Pakistan faces a high burden of malnutrition, with one in 10 children dying before their fifth birthday and a neonatal mortality rate of 49.4 per 1,000 live births, according to the 2017-2018 Pakistan Demographic Health Survey.
“Canada remains committed to improving the health and wellbeing of women, girls and children around the world,” said Ms. Berenice Fitz, Second Secretary Development, High Commission of Canada in Pakistan. “We are proud to support the Government of Pakistan and Nutrition International in this important research project that will provide a data driven, evidence-backed pathway to improving antenatal care for millions of women across Pakistan.”
“Nutrition International has been working with the Government of Pakistan since 2001 to improve the health of women, girls and children,” said Dr. Mandana Arabi, Vice-President, Global Technical Services and Chief Technical Advisor, Nutrition International. “This research is a new milestone in our collaboration, which will help Pakistan progress its newly launched Maternal Nutrition Strategy ensuring that women are receiving the best care possible for themselves and their children.”

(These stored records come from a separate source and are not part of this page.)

(* Let $G$ be a SIN topological group, $\xi=(E\xrightarrow{p}X)$ a numerable principal $G$-bundle, $C$ an $X$-groupoid, $\mathcal G$ the gauge group of $\xi$ and $\mathcal R(C,\xi)$ the set of representations of $C$ on $\xi$. Then the right action $\mathcal R(C,\xi)\times\mathcal G\to\mathcal R(C,\xi)$, $(w,\chi)\mapsto w^\chi$, is uniformly continuous for the uniform structures $\mathbf U_{\mathcal R}$ on $\mathcal R(C,\xi)$ and $\mathbf U_{\mathcal G}$ on $\mathcal G$.
   Context: SIN: the identity has a fundamental system of conjugation-invariant neighbourhoods. $X$-groupoid: a space $C$ with continuous source/target $\alpha,\beta:C\to X$, continuous associative partial composition on $\{(c_1,c_2):\alpha(c_1)=\beta(c_2)\}$ with $\alpha(c_1c_2)=\alpha(c_2)$, $\beta(c_1c_2)=\beta(c_1)$, continuous units and continuous inversion exchanging source and target. A representation of $C$ on $\xi$ is a continuous $w:C\times_XE\to E$ (fiber product over $\alpha$, $p$) with $p(w(c,z))=\beta(c)$, $w(cd,z)=w(c,w(d,z))$, $w(c^{-1},w(c,z))=z$, $w(c,zg)=w(c,z)g$. Gauge group $\mathcal G$: $G$-equivariant homeomorphisms $\chi$ of $E$ with $p\chi=p$; action $w^\chi(c,z)=\chi^{-1}(w(c,\chi(z)))$. Let $\gamma:E\times_XE\to G$ be defined by $y=z\gamma(y,z)$ and $\mathcal V_G$ the set of open symmetric neighbourhoods of $e$ in $G$. $\mathbf U_{\mathcal G}$ has fundamental entourages $\{(\chi,\tilde\chi):\gamma(\chi(z),\tilde\chi(z))\in V\ \forall z\in p^{-1}(K)\}$ ($K\subset X$ compact, $V\in\mathcal V_G$). $\mathbf U_{\mathcal R}$ has fundamental entourages $\mathcal O^{\mathcal R}(L,V)=\{(w,\tilde w):\gamma(w(c,z),\tilde w(c,z))\in V\ \forall(c,z)\in L\times_XE\}$ ($L\subset C$ compact, $V\in\mathcal V_G$). The product carries the product uniform structure. *)

From HB Require Import structures.
From mathcomp Require Import all_boot all_order all_algebra.
From mathcomp Require Import all_classical all_reals all_analysis.
From mathcomp Require Import Rstruct Rstruct_topology.
Set Implicit Arguments. Unset Strict Implicit. Unset Printing Implicit Defensive.
Import Order.TTheory GRing.Theory Num.Theory.
Local Open Scope classical_set_scope.
Local Open Scope ring_scope.

Record TopGroup (G : topologicalType) := {
  tg_mul : G -> G -> G;
  tg_inv : G -> G;
  tg_one : G;
  tg_mulA : forall x y z, tg_mul x (tg_mul y z) = tg_mul (tg_mul x y) z;
  tg_mul1 : forall x, tg_mul tg_one x = x;
  tg_mulV : forall x, tg_mul (tg_inv x) x = tg_one;
  tg_mul_cont : continuous (fun xy : G * G => tg_mul xy.1 xy.2);
  tg_inv_cont : continuous tg_inv }.

Definition SIN (G : topologicalType) (TG : TopGroup G) : Prop :=
  forall U : set G, nbhs (tg_one TG) U ->
    exists V : set G, [/\ nbhs (tg_one TG) V, V `<=` U &
      forall g x, V x -> V (tg_mul TG (tg_mul TG g x) (tg_inv TG g))].

Definition sym_open_nbhd (G : topologicalType) (TG : TopGroup G) (V : set G) :=
  [/\ open V, V (tg_one TG) & forall g, V g -> V (tg_inv TG g)].

Record principal_bundle (G : topologicalType) (TG : TopGroup G)
    (E X : topologicalType) := {
  pb_p : E -> X;
  pb_act : E -> G -> E;
  pb_p_cont : continuous pb_p;
  pb_p_surj : forall x, exists z, pb_p z = x;
  pb_act_cont : continuous (fun zg : E * G => pb_act zg.1 zg.2);
  pb_act_one : forall z, pb_act z (tg_one TG) = z;
  pb_act_mul : forall z g h, pb_act (pb_act z g) h = pb_act z (tg_mul TG g h);
  pb_p_act : forall z g, pb_p (pb_act z g) = pb_p z;
  pb_free : forall z g h, pb_act z g = pb_act z h -> g = h;
  pb_gamma : E -> E -> G;
  pb_gammaP : forall y z, pb_p y = pb_p z -> y = pb_act z (pb_gamma y z);
  pb_gamma_cont : {within [set yz : E * E | pb_p yz.1 = pb_p yz.2],
                    continuous (fun yz => pb_gamma yz.1 yz.2)} }.

Section Bundle.
Context (G : topologicalType) (TG : TopGroup G) (E X : topologicalType)
        (xi : principal_bundle TG E X).
Local Notation p := (pb_p xi).
Local Notation act := (pb_act xi).

Definition trivial_over (U : set X) : Prop :=
  exists (phi : X * G -> E) (psi : E -> X * G),
  [/\ {within U `*` setT, continuous phi} /\
      {within p @^-1` U, continuous psi},
      (forall x g, U x -> p (phi (x, g)) = x),
      (forall x g h, U x -> phi (x, tg_mul TG g h) = act (phi (x, g)) h),
      (forall x g, U x -> psi (phi (x, g)) = (x, g)) &
      (forall z, U (p z) -> phi (psi z) = z)].

Definition numerable_cover (I : Type) (U : I -> set X) : Prop :=
  (forall i, open (U i)) /\ (forall x, exists i, U i x) /\
  exists u : I -> X -> Rdefinitions.R,
  [/\ (forall i, continuous (u i)),
      (forall i x, 0 <= u i x <= 1),
      (forall i, [set x | 0 < u i x] `<=` U i),
      (forall x : X, exists N, nbhs x N /\ exists F : seq I,
           forall i, (exists y, N y /\ u i y != 0) -> List.In i F) &
      (forall x, exists F : seq I, [/\ List.NoDup F,
           (forall i, u i x != 0 -> List.In i F) & \sum_(i <- F) u i x = 1])].

Definition numerable : Prop :=
  exists (I : Type) (U : I -> set X), numerable_cover U /\ forall i, trivial_over (U i).

Record gauge_elt := {
  ga_fun : E -> E;
  ga_inv : E -> E;
  ga_fun_cont : continuous ga_fun;
  ga_inv_cont : continuous ga_inv;
  ga_funK : forall z, ga_inv (ga_fun z) = z;
  ga_invK : forall z, ga_fun (ga_inv z) = z;
  ga_equiv : forall z g, ga_fun (act z g) = act (ga_fun z) g;
  ga_p : forall z, p (ga_fun z) = p z }.

Definition ent_gauge (K : set X) (V : set G) (chi chi' : gauge_elt) : Prop :=
  forall z, K (p z) -> V (pb_gamma xi (ga_fun chi z) (ga_fun chi' z)).

End Bundle.

Record groupoid (X C : topologicalType) := {
  gd_src : C -> X;
  gd_tgt : C -> X;
  gd_comp : C -> C -> C;
  gd_unit : X -> C;
  gd_inv : C -> C;
  gd_src_cont : continuous gd_src;
  gd_tgt_cont : continuous gd_tgt;
  gd_comp_cont : {within [set cd : C * C | gd_src cd.1 = gd_tgt cd.2],
                   continuous (fun cd => gd_comp cd.1 cd.2)};
  gd_compA : forall c1 c2 c3, gd_src c1 = gd_tgt c2 -> gd_src c2 = gd_tgt c3 ->
     gd_comp c1 (gd_comp c2 c3) = gd_comp (gd_comp c1 c2) c3;
  gd_src_comp : forall c1 c2, gd_src c1 = gd_tgt c2 ->
     gd_src (gd_comp c1 c2) = gd_src c2;
  gd_tgt_comp : forall c1 c2, gd_src c1 = gd_tgt c2 ->
     gd_tgt (gd_comp c1 c2) = gd_tgt c1;
  gd_unit_cont : continuous gd_unit;
  gd_src_unit : forall x, gd_src (gd_unit x) = x;
  gd_tgt_unit : forall x, gd_tgt (gd_unit x) = x;
  gd_unitl : forall c, gd_comp (gd_unit (gd_tgt c)) c = c;
  gd_unitr : forall c, gd_comp c (gd_unit (gd_src c)) = c;
  gd_inv_cont : continuous gd_inv;
  gd_src_inv : forall c, gd_src (gd_inv c) = gd_tgt c;
  gd_tgt_inv : forall c, gd_tgt (gd_inv c) = gd_src c;
  gd_invl : forall c, gd_comp (gd_inv c) c = gd_unit (gd_src c);
  gd_invr : forall c, gd_comp c (gd_inv c) = gd_unit (gd_tgt c) }.

Section Reps.
Context (G : topologicalType) (TG : TopGroup G) (E X C : topologicalType)
        (xi : principal_bundle TG E X) (Cg : groupoid X C).
Local Notation p := (pb_p xi).
Local Notation act := (pb_act xi).
Local Notation alpha := (gd_src Cg).
Local Notation beta := (gd_tgt Cg).

(* w : C x_X E -> E, represented as a curried function; only its values on
   the fibre product {(c,z) | alpha c = p z} matter. *)
Definition is_rep (w : C -> E -> E) : Prop :=
  [/\ {within [set cz : C * E | alpha cz.1 = p cz.2],
        continuous (fun cz => w cz.1 cz.2)},
      (forall c z, alpha c = p z -> p (w c z) = beta c),
      (forall c d z, alpha c = beta d -> alpha d = p z ->
         w (gd_comp Cg c d) z = w c (w d z)),
      (forall c z, alpha c = p z -> w (gd_inv Cg c) (w c z) = z) &
      (forall c z g, alpha c = p z -> w c (act z g) = act (w c z) g)].

Definition rep_gauge_act (w : C -> E -> E) (chi : gauge_elt xi) : C -> E -> E :=
  fun c z => ga_inv chi (w c (ga_fun chi z)).

Definition ent_rep (L : set C) (V : set G) (w w' : C -> E -> E) : Prop :=
  forall c z, L c -> alpha c = p z -> V (pb_gamma xi (w c z) (w' c z)).

End Reps.

(* With [u := chi' z] and [y := w'^chi' (c, z)], equivariance of [w] and of gauge
   transformations gives
     gamma (w^chi (c, z), y)
       = gamma (chi y, chi' y)^-1 * gamma (w (c, u), w' (c, u)) * gamma (chi z, chi' z),
   where [p z = alpha c] and [p y = beta c].  So if [w, w'] are [W]-close on [L] and
   [chi, chi'] are [W]-close over the compact set [alpha L ∪ beta L], the two actions are
   [W^3]-close on [L]; it remains to pick a symmetric [W] with [W^3 ⊆ V]. *)
From mathcomp Require Import all_boot all_order all_algebra.
From mathcomp Require Import all_classical all_reals all_analysis.
Local Open Scope classical_set_scope.

Section TopGroupFacts.
Context {G : topologicalType} {TG : TopGroup G}.
Local Notation mul := (tg_mul TG).
Local Notation inv := (tg_inv TG).
Local Notation one := (tg_one TG).

Lemma tg_mulVr x : mul x (inv x) = one.
Proof.
rewrite -[mul x (inv x)](tg_mul1 TG) -[in X in mul X _](tg_mulV TG (inv x)).
by rewrite -(tg_mulA TG) (tg_mulA TG (inv x)) (tg_mulV TG) (tg_mul1 TG) (tg_mulV TG).
Qed.

Lemma tg_mulr1 x : mul x one = x.
Proof. by rewrite -(tg_mulV TG x) (tg_mulA TG) tg_mulVr (tg_mul1 TG). Qed.

Lemma tg_inv1 : inv one = one.
Proof. by rewrite -[inv one]tg_mulr1 (tg_mulV TG). Qed.

Lemma tg_invK x : inv (inv x) = x.
Proof.
by rewrite -[inv (inv x)]tg_mulr1 -(tg_mulV TG x) (tg_mulA TG) (tg_mulV TG) (tg_mul1 TG).
Qed.

Lemma nbhs_one_mul {V : set G} : nbhs one V ->
  exists A B : set G, [/\ nbhs one A, nbhs one B & forall a b, A a -> B b -> V (mul a b)].
Proof.
move=> nV; have := @tg_mul_cont G TG (one, one) V.
rewrite /= (tg_mul1 TG) => /(_ nV) -[[A B] /= [nA nB] AB].
by exists A, B; split => // a b Aa Bb; apply: (AB (a, b)).
Qed.

Lemma nbhs_one_sym_open {U : set G} : nbhs one U ->
  exists W : set G, sym_open_nbhd TG W /\ W `<=` U.
Proof.
move=> nU; exists (U° `&` inv @^-1` U°); split; last by move=> g [/interior_subset].
split.
- apply: openI; first exact: open_interior.
  by apply: open_comp; [move=> x _; exact: tg_inv_cont | exact: open_interior].
- by split; rewrite /= ?tg_inv1; apply: nbhs_singleton; apply: nbhs_interior.
- by move=> g [Ug Uig]; split; rewrite /= ?tg_invK.
Qed.

Lemma nbhs_one_mul3 {V : set G} : nbhs one V ->
  exists W : set G, sym_open_nbhd TG W /\
    forall a b c, W a -> W b -> W c -> V (mul a (mul b c)).
Proof.
move=> nV.
have [A1 [B1 [nA1 nB1 AB1]]] := nbhs_one_mul nV.
have [A2 [B2 [nA2 nB2 AB2]]] := nbhs_one_mul nB1.
have [W [sW WA]] := nbhs_one_sym_open (filterI nA1 (filterI nA2 nB2)).
exists W; split => // a b c /WA[Aa _] /WA[_ [Ab _]] /WA[_ [_ Bc]].
by apply: AB1 => //; apply: AB2.
Qed.

End TopGroupFacts.

Section RepresentationFacts.
Context {G : topologicalType} {TG : TopGroup G} {E X C : topologicalType}
  {xi : principal_bundle TG E X} {Cg : groupoid X C}.
Local Notation mul := (tg_mul TG).
Local Notation inv := (tg_inv TG).
Local Notation p := (pb_p xi).
Local Notation act := (pb_act xi).
Local Notation gamma := (pb_gamma xi).
Local Notation alpha := (gd_src Cg).
Local Notation beta := (gd_tgt Cg).

Lemma pb_gamma_act y g : gamma (act y g) y = g.
Proof. by apply: (@pb_free _ _ _ _ xi y); rewrite -pb_gammaP // pb_p_act. Qed.

Lemma pb_act_gammaV y z : p y = p z -> z = act y (inv (gamma y z)).
Proof.
move=> /pb_gammaP; set g := gamma y z => ->.
by rewrite pb_act_mul tg_mulVr pb_act_one.
Qed.

Lemma ga_inv_p (chi : gauge_elt xi) z : p (ga_inv chi z) = p z.
Proof. by rewrite -(ga_p chi) ga_invK. Qed.

Lemma compact_src_tgt_image (L : set C) :
  compact L -> compact (alpha @` L `|` beta @` L).
Proof.
move=> cL; apply: compactU; apply: continuous_compact => //.
- by apply: continuous_subspaceT => ?; exact: gd_src_cont.
- by apply: continuous_subspaceT => ?; exact: gd_tgt_cont.
Qed.

Lemma p_rep_gauge_act (w : C -> E -> E) (chi : gauge_elt xi) c z :
  is_rep xi Cg w -> alpha c = p z -> p (rep_gauge_act w chi c z) = beta c.
Proof. by case=> _ wp _ _ _ azp; rewrite ga_inv_p wp // ga_p. Qed.

Lemma pb_gamma_rep_gauge_act (w w' : C -> E -> E) (chi chi' : gauge_elt xi) c z :
  is_rep xi Cg w -> is_rep xi Cg w' -> alpha c = p z ->
  gamma (rep_gauge_act w chi c z) (rep_gauge_act w' chi' c z) =
  mul (inv (gamma (ga_fun chi (rep_gauge_act w' chi' c z))
                  (ga_fun chi' (rep_gauge_act w' chi' c z))))
      (mul (gamma (w c (ga_fun chi' z)) (w' c (ga_fun chi' z)))
           (gamma (ga_fun chi z) (ga_fun chi' z))).
Proof.
move=> [_ wp _ _ wact] [_ w'p _ _ _] azp.
set u := ga_fun chi' z; set y := rep_gauge_act w' chi' c z.
set g := gamma (ga_fun chi z) u; set k := gamma (w c u) (w' c u).
set h := gamma (ga_fun chi y) (ga_fun chi' y).
have pu : p u = p z by rewrite ga_p.
have chiz : ga_fun chi z = act u g by apply: pb_gammaP; rewrite !ga_p.
have wu : w c u = act (w' c u) k by apply: pb_gammaP; rewrite wp ?w'p // pu.
have w'u : w' c u = act (ga_fun chi y) (inv h).
  by rewrite -[w' c u](ga_invK chi'); apply: pb_act_gammaV; rewrite !ga_p.
rewrite /rep_gauge_act -/y chiz wact ?pu // wu w'u !pb_act_mul -ga_equiv ga_funK.
exact: pb_gamma_act.
Qed.

End RepresentationFacts.

Theorem proposition3p3
  (G : topologicalType) (TG : TopGroup G) (E X C : topologicalType)
  (xi : principal_bundle TG E X) (Cg : groupoid X C) :
  SIN TG -> numerable xi ->
  forall (L : set C) (V : set G), compact L -> sym_open_nbhd TG V ->
  exists (L' : set C) (V' : set G) (K : set X) (V'' : set G),
    [/\ compact L', sym_open_nbhd TG V', compact K, sym_open_nbhd TG V'' &
      forall (w w' : C -> E -> E) (chi chi' : gauge_elt xi),
        is_rep xi Cg w -> is_rep xi Cg w' ->
        ent_rep xi Cg L' V' w w' -> ent_gauge K V'' chi chi' ->
        ent_rep xi Cg L V (rep_gauge_act w chi) (rep_gauge_act w' chi')].
Proof.
move=> _ _ L V cL [oV V1 _].
have [W [sW W3]] := nbhs_one_mul3 (open_nbhs_nbhs (conj oV V1)).
exists L, W, (gd_src Cg @` L `|` gd_tgt Cg @` L), W.
split=> //; first exact: compact_src_tgt_image.
move=> w w' chi chi' rw rw' close_w close_chi c z Lc azp.
rewrite (pb_gamma_rep_gauge_act (Cg := Cg)) //; case: (sW) => _ _ Winv.
apply: W3; [apply: Winv; apply: close_chi | apply: close_w | apply: close_chi] => //.
- by right; exists c; rewrite // (p_rep_gauge_act (Cg := Cg)).
- by rewrite ga_p.
- by left; exists c.
Qed.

In his message the Minister of Health, Mr. Abdul Qadir Patel conveyed that “Maternal Nutrition is the foundation of maternal and child health. Pregnancy and early childhood, the foundation of proper growth and wellbeing of a child, are dependent upon the good maternal care and nutrition. The introduction and scale-up of multiple micronutrient supplementation (MMS) as part of maternal nutrition programming in Pakistan is an opportunity to accelerate progress towards Sustainable Development Goals (SDG) and World Health Assembly (WHA) Global Nutrition Targets 2025. He thanked Government of Canada for its continuous support towards addressing malnutrition in Pakistan.”
The launch of the AMMI project was attended by 45 participants including representatives from National and Provincial Health and Nutrition Departments.